Sanati Souzan, Leonard Morton, Khamapirad Tuenchit, Eltorky Mahmoud A
Department of Pathology, The University of Texas Medical Branch, Galveston 77555-0588, USA.
Arch Pathol Lab Med. 2005 Mar;129(3):e58-61. doi: 10.5858/2005-129-e58-NMOTBA.
Nodular mucinosis is an extremely rare breast lesion. This benign mass usually presents clinically as a poorly circumscribed, subareolar, myxoid mass in young female patients. We report a case of this rare breast lesion and discuss its clinical, radiologic, and histopathologic features. A 21-year-old white woman presented with a mass in the left breast of 6 months' duration.
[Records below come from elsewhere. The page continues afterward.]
Lemma card_turningS e : e < n -> #|turning e.+1| = #|peak_set e| + #|peak_set e.+1|.
Proof.
move=> He; have -> : turning e.+1 = peak_set e :|: peak_set e.+1.
  apply/setP => s; rewrite mem_turning // in_setU !peak_setE eqSS.
  by case: (cyclic_perm s); case: (unimodal s); rewrite //= orbC.
rewrite cardsU; suff -> : peak_set e :&: peak_set e.+1 = set0 by rewrite cards0 subn0.
apply/setP => s; rewrite in_setI !peak_setE in_set0.
by apply/negbTE/andP => -[/and3P[_ _ /eqP H1] /and3P[_ _ /eqP H2]]; lia.
Qed.

Lemma card_peak_set_n : #|peak_set n| = 0.
Proof.
apply/eqP; rewrite cards_eq0; apply/eqP/setP => s; rewrite peak_setE in_set0.
by apply/negbTE/and3P => -[_ _ /eqP H]; have := ltn_ord (peak s); rewrite H ltnn.
Qed.

Lemma card_peak_set_sym q : n %% 4 != 2 -> q <= m -> #|peak_set q| = #|peak_set (m - q)|.
Proof.
move=> n_mod4; elim: q => [|q IH] Hq.
  have := card_turning_compl n_mod4 (leq0n n).
  by rewrite subn0 card_turning0 card_turningS // card_peak_set_n addn0 subn0.
have Hq' : q <= m := ltnW Hq.
have := card_turning_compl n_mod4 (Hq' : q.+1 <= n); rewrite card_turningS // (IH Hq').
have -> : n - q.+1 = (m - q.+1).+1 by lia.
rewrite card_turningS; last by lia.
have -> : (m - q.+1).+1 = m - q by lia.
by lia.
Qed.

End Peak.

Theorem lemma4p3 (n : nat) (hn : 1 <= n) (hmod : n %% 4 != 2) :
  forall i : nat, 1 <= i <= n -> Lambda n i = Lambda n (n - i + 1).
Proof.
case: n hn hmod => [//|m] _ n_mod4 i /andP[i_gt0 i_le].
rewrite !LambdaE card_peak_set_sym //; last by lia.
by congr #|peak_set m _|; lia.
Qed.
She had never been pregnant or had any history of breast feeding, surgery, trauma, or use of exogenous hormones or a family history of breast cancer. Clinical breast examination demonstrated a 1 cm "rubbery" mass directly under and continuous with the left nipple. The skin that covered the mass had an edematous and irregular appearance without erythema or drainage from the nipple. Ultrasonography demonstrated a 1-cm, nonintraductal, circumscribed, homogeneous, isoechoic mass that was continuous or part of the base of the left nipple. The mass was smooth, with a thin echogenic rim. Doppler flow showed some vascularity. These findings suggested a benign breast lesion, including a fibroadenoma or nipple adenoma. Despite reassurance, the patient desired excision of the lesion. Gross examination revealed a nodular, rubbery-firm, ovoid, pink, polypoid mass that measured 1.5 x 0.9 x 0.8 cm. Microscopic examination showed a well-circumscribed tumor with a nodular appearance, which consisted of an accumulation of pink myxoid tissue and contained spindle cells with bland-appearing nuclei, no mitosis, and mild cellularity. The pink myxoid tissue was stained with Hale colloidal iron and Alcian blue. The Alcian blue stain was removed by pretreatment with hyaluronidase. The spindle cells stained with vimentin and smooth muscle actin; however, they did not express smooth muscle myosin or cytokeratin. This report presents and discusses the pathologic, ultrasonographic, and clinical findings of this rare entity.
结节性黏液变性是一种极其罕见的乳腺病变。这种良性肿块在临床上通常表现为年轻女性患者乳晕下边界不清的黏液样肿块。我们报告一例这种罕见的乳腺病变,并讨论其临床、放射学和组织病理学特征。一名21岁白人女性因左侧乳房出现肿块6个月前来就诊。她从未怀孕,也无母乳喂养、手术、外伤、使用外源性激素史或乳腺癌家族史。临床乳腺检查发现左侧乳头正下方有一个1厘米大小的“橡皮样”肿块,与乳头相连。覆盖肿块的皮肤呈水肿、不规则外观,无红斑,乳头无溢液。超声检查显示一个1厘米大小、非导管内、边界清晰、均匀、等回声的肿块,与左侧乳头底部相连或为其一部分。肿块表面光滑,有薄的回声环。多普勒血流显示有一些血管分布。这些表现提示为良性乳腺病变,包括纤维腺瘤或乳头腺瘤。尽管已向患者保证,但她仍希望切除该病变。大体检查发现一个结节状、橡皮样坚硬、卵圆形、粉红色、息肉样肿块,大小为1.5×0.9×0.8厘米。显微镜检查显示一个边界清晰的肿瘤,呈结节状外观,由粉红色黏液样组织聚集而成,含有核外观温和的梭形细胞,无核分裂,细胞密度轻度增加。粉红色黏液样组织经黑尔胶体铁和阿尔辛蓝染色。阿尔辛蓝染色经透明质酸酶预处理后可去除。梭形细胞波形蛋白和平滑肌肌动蛋白染色阳性;然而,它们不表达平滑肌肌球蛋白或细胞角蛋白。本报告展示并讨论了这种罕见疾病的病理、超声和临床发现。